А коварная облачность все ниже и ниже прижимала их к земле. На машине Пономаренко зияло все больше пробоин. И вдруг крупнокалиберный снаряд угодил В фюзеляж самолета, взорвался и вырвал кусок обшивки вместе с радиоантенной. И сразу же ТБ-3 перестал подчиняться командам, вошел в облака и скрылся в них…
Пономаренко ничего не оставалось, как возвратиться в сопровождении истребителя назад. ТБ-3 с установленной на нем уникальной аппаратурой, выйдя из зоны управления, упал и взорвался. Больше подобных экспериментов в годы войны наши летчики не производили.
В глубокий тыл врага
После каждого боевого вылета нас оставалось все меньше. С каждым очередным возвращением самолетов с боевого задания все больше зияло просветов на стоянках. Понурив голову, прикорнув у пустого капонира, терпеливо и безнадежно ждали техники, мотористы и оружейники свои экипажи…
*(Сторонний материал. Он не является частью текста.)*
Lemma solution_orbit_v tau : 0 < tau <= t -> v tau = orbit_v lam s (Y tau).
Proof.
  intros Htau.
  pose proof (orbit_energy lam s (Y tau) Hlam Hs) as Eo.
  rewrite <- solution_orbit_u in Eo by lra.
  pose proof (solution_energy tau ltac:(lra)) as Ev.
  pose proof (solution_v_neg tau Htau).
  assert (orbit_v lam s (Y tau) < 0).
  { unfold orbit_v. pose proof (solution_Y_pos tau Htau).
    pose proof (sqrt_energy_pos lam s Hlam Hs (Y tau)).
    assert (0 < s * Y tau * sqrt (2 * lam * W s (Y tau)))
      by (apply Rmult_lt_0_compat; [apply Rmult_lt_0_compat|]; lra).
    lra. }
  nra.
Qed.

Lemma solution_clock tau : 0 < tau < t ->
  derivable_pt_lim (fun x => elapsed lam s (Y x)) tau 1.
Proof.
  intros Htau. pose proof (solution_Y_pos tau ltac:(lra)) as HY0.
  pose proof (solution_Y_sq tau ltac:(lra)) as HY2.
  assert (HY : derivable_pt_lim Y tau (- v tau / (2 * s * Y tau))).
  { apply (derivable_pt_lim_comp_eq (fun z => sqrt (1 - z / s)) u tau
      (- / s * / (2 * Y tau)) (v tau)).
    - unfold Y. auto_derive; [nra|]. unfold Rminus, Rdiv. ring.
    - apply Hder. lra.
    - field. split; lra. }
  apply (derivable_pt_lim_comp_eq (elapsed lam s) Y tau (time_density lam s (Y tau))
    (- v tau / (2 * s * Y tau))).
  - apply is_derive_Reals, elapsed_derive; assumption.
  - exact HY.
  - rewrite solution_orbit_v by lra. unfold orbit_v, time_density.
    pose proof (sqrt_energy_pos lam s Hlam Hs (Y tau)). field. repeat split; lra.
Qed.

Lemma solution_time : t = elapsed lam s 1.
Proof.
  assert (HY_cont : forall tau, 0 <= tau <= t -> continuity_pt Y tau).
  { intros tau Htau. apply (continuity_pt_comp (fun x => 1 - u x / s) sqrt).
    - apply continuity_pt_minus; [apply continuity_pt_const; intros ? ?; reflexivity|].
      apply continuity_pt_div; [apply solution_u_continuous; exact Htau|
        apply continuity_pt_const; intros ? ?; reflexivity|lra].
    - apply continuity_pt_sqrt. rewrite <- solution_Y_sq by exact Htau. apply pow2_ge_0. }
  pose proof (unit_slope_increment (fun x => elapsed lam s (Y x)) 0 t Ht) as Inc.
  unfold Y in Inc. rewrite Hut, Hu0 in Inc.
  replace (1 - s / s) with 0 in Inc by (field; lra).
  replace (1 - 0 / s) with 1 in Inc by (field; lra).
  rewrite sqrt_0, sqrt_1, elapsed_0 in Inc by assumption.
  enough (elapsed lam s 1 - 0 = t - 0) by lra. apply Inc.
  - intros tau Htau. apply (continuity_pt_comp Y (elapsed lam s)); [now apply HY_cont|].
    now apply elapsed_continuous.
  - exact solution_clock.
Qed.

End Solution.

Lemma IsT0_iff lam s t : 0 < lam -> 0 < s < 1 -> IsT0 lam s t <-> t = T1 s / sqrt lam.
Proof.
  intros Hlam Hs. rewrite <- elapsed_1_scaling by assumption. split.
  - intros [Ht [u [v [Hder [Hu0 [Hv0 [Hupos [Hut _]]]]]]]]. eapply solution_time; eauto.
  - intros ->. now apply IsT0_elapsed.
Qed.

Lemma I0_iff sigma lam s : 0 < lam -> I0 sigma lam s <-> 0 < s < 1 /\ sigma * sqrt lam < T1 s.
Proof.
  intros Hlam. assert (Hq : 0 < sqrt lam) by now apply sqrt_lt_R0.
  unfold I0. split; intros [Hs Ht]; split; auto.
  - destruct Ht as [t [Ht Hlt]]. rewrite IsT0_iff in Ht by assumption. subst t.
    apply (Rmult_lt_compat_r (sqrt lam)) in Hlt; [|exact Hq].
    unfold Rdiv in Hlt. rewrite Rmult_assoc, Rinv_l in Hlt; lra.
  - exists (T1 s / sqrt lam). rewrite IsT0_iff by assumption. split; [reflexivity|].
    apply (Rmult_lt_reg_r (sqrt lam)); [exact Hq|].
    unfold Rdiv. rewrite Rmult_assoc, Rinv_l; lra.
Qed.

(** * Strict convexity and blow-up of T1 *)

Lemma time_density_strictly_convex a b mu z : 0 < a < 1 -> 0 < b < 1 -> a <> b ->
  0 < mu < 1 -> 0 <= z <= 1 ->
  time_density 1 (mu * a + (1 - mu) * b) z < mu * time_density 1 a z + (1 - mu) * time_density 1 b z.
Proof.
  intros Ha Hb Hab Hmu Hz. unfold time_density.
  pose proof (W_pos a z Ha). pose proof (W_pos b z Hb).
  assert (Hbeta : 0 < beta (1 - z ^ 2)).
  { unfold beta. assert (0 <= 1 - z ^ 2) by nra.
    apply Rmult_lt_0_compat; [apply Rmult_lt_0_compat|]; nra. }
  assert (Hgap : 0 < mu * (1 - mu) * (a - b) ^ 2 * beta (1 - z ^ 2)).
  { apply Rmult_lt_0_compat; [|lra]. apply Rmult_lt_0_compat; [nra|].
    rewrite <- Rsqr_pow2. apply Rsqr_pos_lt. lra. }
  set (Wm := mu * (2 * 1 * W a z) + (1 - mu) * (2 * 1 * W b z)).
  assert (HWm : 0 < Wm)
    by (unfold Wm; apply Rplus_lt_0_compat; apply Rmult_lt_0_compat; lra).
  assert (Emix : 2 * 1 * W (mu * a + (1 - mu) * b) z =
                 Wm + 2 * (mu * (1 - mu) * (a - b) ^ 2 * beta (1 - z ^ 2)))
    by (rewrite W_mix; unfold Wm; ring).
  assert (Hlt : / sqrt (2 * 1 * W (mu * a + (1 - mu) * b) z) < / sqrt Wm).
  { rewrite Emix. apply Rinv_lt_contravar.
    - apply Rmult_lt_0_compat; apply sqrt_lt_R0; lra.
    - apply sqrt_lt_1_alt. lra. }
  pose proof (inv_sqrt_convex (2 * 1 * W a z) (2 * 1 * W b z) mu ltac:(lra) ltac:(lra) ltac:(lra))
    as Hconv.
  fold Wm in Hconv. unfold Rdiv. lra.
Qed.

Lemma T1_mix a b mu : 0 < a < 1 -> 0 < b < 1 ->
  RInt (fun z => mu * time_density 1 a z + (1 - mu) * time_density 1 b z) 0 1 =
  mu * T1 a + (1 - mu) * T1 b.
Proof.
  intros Ha Hb. unfold T1, elapsed.
  assert (Ia := ex_RInt_time_density 1 a ltac:(lra) Ha 0 1).
  assert (Ib := ex_RInt_time_density 1 b ltac:(lra) Hb 0 1).
  rewrite (@RInt_plus R_CompleteNormedModule (fun z => mu * time_density 1 a z)
             (fun z => (1 - mu) * time_density 1 b z));
    [|apply (@ex_RInt_scal R_CompleteNormedModule); exact Ia
     |apply (@ex_RInt_scal R_CompleteNormedModule); exact Ib].
  exact (f_equal2 Rplus (@RInt_scal R_CompleteNormedModule _ _ _ mu Ia)
           (@RInt_scal R_CompleteNormedModule _ _ _ (1 - mu) Ib)).
Qed.

Lemma T1_strictly_convex : strictly_convex_on T1 0 1.
Proof.
  intros a b mu Ha Hb Hab Hmu. rewrite <- T1_mix by assumption.
  apply RInt_lt; [lra| | |].
  - intros z _.
    apply (continuous_plus (fun z => mu * time_density 1 a z) (fun z => (1 - mu) * time_density 1 b z));
      [apply (continuous_mult (fun _ => mu) (time_density 1 a))
      |apply (continuous_mult (fun _ => 1 - mu) (time_density 1 b))];
      (apply continuous_const || apply time_density_continuous; lra).
  - intros z _. apply time_density_continuous; [lra|].
    replace (mu * a + (1 - mu) * b) with (b + mu * (a - b)) by ring.
    destruct (Rle_lt_dec a b); split; nra.
  - intros z Hz. apply time_density_strictly_convex; auto; lra.
Qed.

Lemma T1_pos s : 0 < s < 1 -> 0 < T1 s.
Proof.
  intros Hs. unfold T1. rewrite <- (elapsed_0 1 s) by (lra || assumption).
  apply elapsed_increasing; lra.
Qed.

Lemma T1_ge_near_0 s : 0 < s < 1 -> 2 / sqrt (2 * s) <= T1 s.
Proof.
  intros Hs. unfold T1, elapsed.
  replace (2 / sqrt (2 * s)) with (RInt (fun _ => 2 / sqrt (2 * s)) 0 1)
    by (rewrite (@RInt_const R_CompleteNormedModule); unfold scal; simpl; unfold mult; simpl; ring).
  apply RInt_le; [lra|apply ex_RInt_const|apply ex_RInt_time_density; lra|].
  intros z Hz. unfold time_density. pose proof (W_pos s z Hs).
  pose proof (W_le s z Hs ltac:(lra)).
  unfold Rdiv. apply Rmult_le_compat_l; [lra|].
  apply Rinv_le_contravar; [apply sqrt_lt_R0; lra|]. apply sqrt_le_1_alt. lra.
Qed.

Lemma T1_ge_near_1 s : 0 < s < 1 -> - 2 * ln (sqrt (2 * (1 - s))) <= T1 s.
Proof.
  intros Hs. set (d := sqrt (2 * (1 - s))).
  assert (Hd : 0 < d) by (apply sqrt_lt_R0; lra).
  assert (Hd2 : d ^ 2 = 2 * (1 - s)) by (apply pow2_sqrt; lra).
  assert (Hlog : is_RInt (fun z => 2 / (z + d)) 0 1 (2 * ln (1 + d) - 2 * ln d)).
  { replace (2 * ln (1 + d) - 2 * ln d) with (minus (2 * ln (1 + d)) (2 * ln (0 + d)))
      by (rewrite Rplus_0_l; reflexivity).
    apply (is_RInt_derive (fun z => 2 * ln (z + d))); intros z Hz;
      rewrite Rmin_left, Rmax_right in Hz by lra.
    - auto_derive; [lra|]. field. lra.
    - apply (ex_derive_continuous (fun z => 2 / (z + d))). auto_derive. lra. }
  assert (0 <= ln (1 + d)) by (rewrite <- ln_1; apply Rlt_le, ln_increasing; lra).
  apply Rle_trans with (2 * ln (1 + d) - 2 * ln d); [lra|].
  rewrite <- (is_RInt_unique _ _ _ _ Hlog). unfold T1, elapsed.
  apply RInt_le; [lra|eexists; exact Hlog|apply ex_RInt_time_density; lra|].
  intros z Hz. unfold time_density. pose proof (W_pos s z Hs).
  pose proof (W_le_near_1 s z Hs ltac:(lra)).
  unfold Rdiv. apply Rmult_le_compat_l; [lra|].
  apply Rinv_le_contravar; [apply sqrt_lt_R0; lra|].
  (* [2 W s z <= z ^ 2 + d ^ 2 <= (z + d) ^ 2] *)
  rewrite <- (sqrt_pow2 (z + d)) by lra. apply sqrt_le_1_alt. nra.
Qed.

Lemma T1_unbounded_near_0 M : exists e, 0 < e < 1 /\ forall s, 0 < s <= e -> M < T1 s.
Proof.
  set (k := Rabs M + 1). assert (Hk : 0 < k) by (pose proof (Rabs_pos M); unfold k; lra).
  assert (Hk' : 0 < / k <= 1).
  { split; [apply Rinv_0_lt_compat; lra|].
    rewrite <- Rinv_1. apply Rinv_le_contravar; pose proof (Rabs_pos M); unfold k; lra. }
  assert (He : 0 < (/ k) ^ 2 / 2 < 1) by nra.
  exists ((/ k) ^ 2 / 2). split; [exact He|]. intros s Hs.
  assert (Hsq : sqrt (2 * s) <= / k).
  { rewrite <- (sqrt_pow2 (/ k)) by lra. apply sqrt_le_1_alt. lra. }
  assert (Hsq0 : 0 < sqrt (2 * s)) by (apply sqrt_lt_R0; lra).
  assert (Hb : k <= / sqrt (2 * s)).
  { rewrite <- (Rinv_inv k). apply Rinv_le_contravar; lra. }
  pose proof (T1_ge_near_0 s ltac:(lra)). pose proof (Rle_abs M).
  unfold Rdiv in *. unfold k in *. lra.
Qed.

Lemma T1_unbounded_near_1 M : exists e, 0 < e < 1 /\ forall s, 1 - e <= s < 1 -> M < T1 s.
Proof.
  set (q := exp (- M / 2)). assert (Hq : 0 < q) by apply exp_pos.
  set (e := Rmin (1 / 2) (q ^ 2 / 4)).
  assert (He : 0 < e <= 1 / 2 /\ e <= q ^ 2 / 4).
  { unfold e. pose proof (Rmin_l (1 / 2) (q ^ 2 / 4)). pose proof (Rmin_r (1 / 2) (q ^ 2 / 4)).
    pose proof (Rmin_glb_lt (1 / 2) (q ^ 2 / 4) 0 ltac:(lra) ltac:(nra)). lra. }
  exists e. split; [lra|]. intros s Hs.
  pose proof (T1_ge_near_1 s ltac:(lra)).
  assert (Hd : 0 < sqrt (2 * (1 - s)) < q).
  { split; [apply sqrt_lt_R0; lra|].
    rewrite <- (sqrt_pow2 q) by lra. apply sqrt_lt_1_alt. nra. }
  assert (ln (sqrt (2 * (1 - s))) < - M / 2).
  { replace (- M / 2) with (ln q) by apply ln_exp. apply ln_increasing; lra. }
  lra.
Qed.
На бомбах, загружаемых в самолеты, можно было прочесть написанные краской, а то и просто мелом надписи: «Смерть фашизму», «За Родину!», «За смерть детей и матерей!», «За сожженные города и села!» и другие. Эти надписи были сделаны техническим составом. Нашим техникам и оружейникам, скромным самоотверженным людям, выполнявшим огромную работу, все время хотелось большей причастности к разгрому врага. Надписи на бомбах, которые со всей разрушительной силой обрушатся на головы врага, давали выход боли и чувству мести за погибших близких, за боевых друзей.
В первых числах ноября самые опытные экипажи полка стали выполнять ночные боевые вылеты в глубокий тыл противника.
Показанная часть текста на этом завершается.